-- Material for this exercise follows --

(* Let $\mathcal{S}$ be a constrained system with a single-state graph presentation as in the context, with edge set $\mathcal{E}$, label length $s$ and pair counts $\alpha_t$. Then $$\mathcal{GV}(\mathcal{S})\triangleq\{(\delta,R_{\rm GV}(\delta)):\delta\in[0,1]\}=\{(\delta(y),\rho(y)):y\in[0,1]\}\cup\{(\delta,0):\delta\ge\delta_{\max}\},$$ where $$\delta_{\max}=\frac{\sum_{t\ge0}t\alpha_t}{s|\mathcal{E}|^2},\qquad \delta(y)=\frac{\sum_{t\ge0}t\alpha_ty^t}{s\sum_{t\ge0}\alpha_ty^t},\qquad \rho(y)=\frac1s\left(\log\frac{|\mathcal{E}|^2}{\sum_{t\ge0}\alpha_ty^t}+\frac{\sum_{t\ge0}t\alpha_ty^t}{\sum_{t\ge0}\alpha_ty^t}\log y\right).$$
   Context: $\mathcal{G}$ is a labelled graph with exactly one state, a finite set $\mathcal{E}$ of loops (parallel edges) at that state, and an injective labelling $\mathcal{L}:\mathcal{E}\to\{0,1\}^s$ for some $s\ge1$. $\mathcal{S}$ is the set of words obtained by concatenating labels along paths; for $n$ a multiple of $s$, $\mathcal{S}_n$ is the set of such words of length $n$ (labels of paths with $n/s$ edges). $\log$ is to a fixed base (base 2); limits below are over $n$ multiple of $s$. $\mathrm{Cap}(\mathcal{S})=\limsup\frac1n\log|\mathcal{S}_n|$. For $\mathbf{x}\in\mathcal{S}_n$, $V(\mathbf{x},r)=|\{\mathbf{y}\in\mathcal{S}_n:d_H(\mathbf{x},\mathbf{y})\le r\}|$ ($d_H$ = Hamming distance), $T(n,d)=\sum_{\mathbf{x}\in\mathcal{S}_n}V(\mathbf{x},d-1)$, $\widetilde T(\delta)=\limsup\frac1n\log T(n,\lfloor\delta n\rfloor)$, and $R_{\rm GV}(\delta)=2\,\mathrm{Cap}(\mathcal{S})-\widetilde T(\delta)$. For $0\le t\le s$, $\alpha_t=\#\{(e,f)\in\mathcal{E}^2:d_H(\mathcal{L}(e),\mathcal{L}(f))=t\}$. At $y=0$ the term involving $\log 0$ is interpreted as $0$. *)

From Stdlib Require Import Reals List Arith ZArith Bool.
From Coquelicot Require Import Coquelicot.
Import ListNotations.
Open Scope R_scope.

(* Single-state graph: edges are 0,...,m-1 (any finite edge set E is in
   bijection with such an initial segment), labelled by L e : list bool
   (a word of length s). *)

(** logarithm to base 2 (Stdlib: ln x = 0 for x <= 0). *)
Definition log2 (x : R) : R := ln x / ln 2.

Fixpoint hamming (x y : list bool) : nat :=
  match x, y with
  | a :: x', b :: y' => ((if Bool.eqb a b then 0 else 1) + hamming x' y')%nat
  | _, _ => 0%nat
  end.

Fixpoint paths (m k : nat) : list (list nat) :=
  match k with
  | O => [nil]
  | S k' => flat_map (fun e => map (cons e) (paths m k')) (seq 0 m)
  end.

(** S_n for n = k*s : the set (duplicate-free list) of labels of paths
    with k edges. *)
Definition words (m : nat) (L : nat -> list bool) (k : nat) : list (list bool) :=
  nodup (list_eq_dec Bool.bool_dec)
        (map (fun p => concat (map L p)) (paths m k)).

Definition ball_size (m : nat) (L : nat -> list bool) (k : nat)
    (x : list bool) (r : nat) : nat :=
  length (filter (fun y => Nat.leb (hamming x y) r) (words m L k)).

(** T(n, d) = sum_{x in S_n} V(x, d-1), n = k*s.  NB: d - 1 is truncated
    natural subtraction. *)
Definition Tcount (m : nat) (L : nat -> list bool) (k d : nat) : nat :=
  fold_right Nat.add 0%nat
    (map (fun x => ball_size m L k x (d - 1)) (words m L k)).

(** Cap(S) = limsup_n (1/n) log |S_n|, n = k*s ranging over multiples of s *)
Definition Cap (m s : nat) (L : nat -> list bool) : Rbar :=
  LimSup_seq (fun k => / INR (k * s) * log2 (INR (length (words m L k)))).

Definition nfloor (x : R) : nat := Z.to_nat (Int_part x).

Definition Ttilde (m s : nat) (L : nat -> list bool) (delta : R) : Rbar :=
  LimSup_seq (fun k =>
    / INR (k * s) * log2 (INR (Tcount m L k (nfloor (delta * INR (k * s)))))).

Definition R_GV (m s : nat) (L : nat -> list bool) (delta : R) : Rbar :=
  Rbar_minus (Rbar_mult 2 (Cap m s L)) (Ttilde m s L delta).

Definition alpha (m : nat) (L : nat -> list bool) (t : nat) : nat :=
  length (filter (fun p => Nat.eqb (hamming (L (fst p)) (L (snd p))) t)
                 (list_prod (seq 0 m) (seq 0 m))).

(** sum_{t >= 0} alpha_t y^t  (alpha_t = 0 for t > s) *)
Definition Apoly (m s : nat) (L : nat -> list bool) (y : R) : R :=
  fold_right Rplus 0 (map (fun t => INR (alpha m L t) * y ^ t) (seq 0 (S s))).

Definition Bpoly (m s : nat) (L : nat -> list bool) (y : R) : R :=
  fold_right Rplus 0
    (map (fun t => INR t * INR (alpha m L t) * y ^ t) (seq 0 (S s))).

Definition delta_max (m s : nat) (L : nat -> list bool) : R :=
  fold_right Rplus 0 (map (fun t => INR t * INR (alpha m L t)) (seq 0 (S s)))
  / (INR s * INR (m * m)).

Definition delta_y (m s : nat) (L : nat -> list bool) (y : R) : R :=
  Bpoly m s L y / (INR s * Apoly m s L y).

(** rho(y); at y = 0, log2 0 = 0 in Stdlib, matching the convention that
    the term involving log 0 is 0. *)
Definition rho_y (m s : nat) (L : nat -> list bool) (y : R) : R :=
  / INR s * (log2 (INR (m * m) / Apoly m s L y)
             + Bpoly m s L y / Apoly m s L y * log2 y).

(* Paths of k edges are labelled by concatenating edge labels, and the Hamming
   distance of two such labels is the sum of the k edgewise distances.  Hence the
   pair-distance generating function of S_{ks} is A(y)^k with A(y) = sum_t alpha_t y^t,
   and T(n, d) counts the pairs of paths at distance < d.  A Chernoff bound gives
   (1/n) log T <= log A(y) / s - delta log y for every y in (0, 1].  Conversely,
   tilting the pair distribution by y^d makes the distance concentrate around
   k B(y)/A(y) (its variance is at most k s^2), so Chebyshev's inequality matches
   the bound at y whenever s delta exceeds B(y)/A(y).  Since B/A is continuous and
   strictly increasing as soon as there are two edges, approaching y from the left
   gives T~(delta(y)) = log A(y) / s - delta(y) log y, while for delta > delta_max =
   delta(1) the balls contain all |E|^(2k) pairs.  With Cap = log |E| / s this is
   R_GV(delta(y)) = rho(y) on [0, delta_max] and R_GV = 0 beyond; the intermediate
   value theorem shows that delta(y) sweeps all of [0, delta_max]. *)

From Pilot Require Import Defs.
From Stdlib Require Import Reals List Arith Lia Lra Ranalysis5 ZArith.
From Coquelicot Require Import Coquelicot.
Import ListNotations.
Open Scope R_scope.

Definition lsum {X : Type} (f : X -> R) (l : list X) : R := fold_right Rplus 0 (map f l).

Lemma lsum_nil {X} (f : X -> R) : lsum f [] = 0.
Proof. reflexivity. Qed.

Lemma lsum_cons {X} (f : X -> R) x l : lsum f (x :: l) = f x + lsum f l.
Proof. reflexivity. Qed.

Lemma lsum_app {X} (f : X -> R) l1 l2 : lsum f (l1 ++ l2) = lsum f l1 + lsum f l2.
Proof.
  induction l1 as [|x l1 IH]; simpl app.
  - rewrite lsum_nil; ring.
  - rewrite !lsum_cons, IH; ring.
Qed.

Lemma lsum_map {X Y} (f : Y -> R) (g : X -> Y) l :
  lsum f (map g l) = lsum (fun x => f (g x)) l.
Proof. unfold lsum; now rewrite map_map. Qed.

Lemma lsum_flat_map {X Y} (f : Y -> R) (g : X -> list Y) l :
  lsum f (flat_map g l) = lsum (fun x => lsum f (g x)) l.
Proof.
  induction l as [|x l IH]; [reflexivity|].
  simpl flat_map. now rewrite lsum_app, IH, lsum_cons.
Qed.

Lemma lsum_list_prod {X Y} (f : X * Y -> R) l1 l2 :
  lsum f (list_prod l1 l2) = lsum (fun x => lsum (fun y => f (x, y)) l2) l1.
Proof.
  induction l1 as [|x l1 IH]; [reflexivity|].
  simpl list_prod. now rewrite lsum_app, lsum_map, IH, lsum_cons.
Qed.

Lemma lsum_ext {X} (f g : X -> R) l :
  (forall x, In x l -> f x = g x) -> lsum f l = lsum g l.
Proof.
  induction l as [|x l IH]; intros H; [reflexivity|].
  rewrite !lsum_cons, (H x (in_eq x l)), IH; [reflexivity|].
  intros y Hy; apply H, in_cons, Hy.
Qed.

-- Material for this exercise concluded --

Print, without alteration, only the lines above between the one holding "(* Paths of" and the one holding "pair-distance generating function", inclusive.

(* Paths of k edges are labelled by concatenating edge labels, and the Hamming
   distance of two such labels is the sum of the k edgewise distances.  Hence the
   pair-distance generating function of S_{ks} is A(y)^k with A(y) = sum_t alpha_t y^t,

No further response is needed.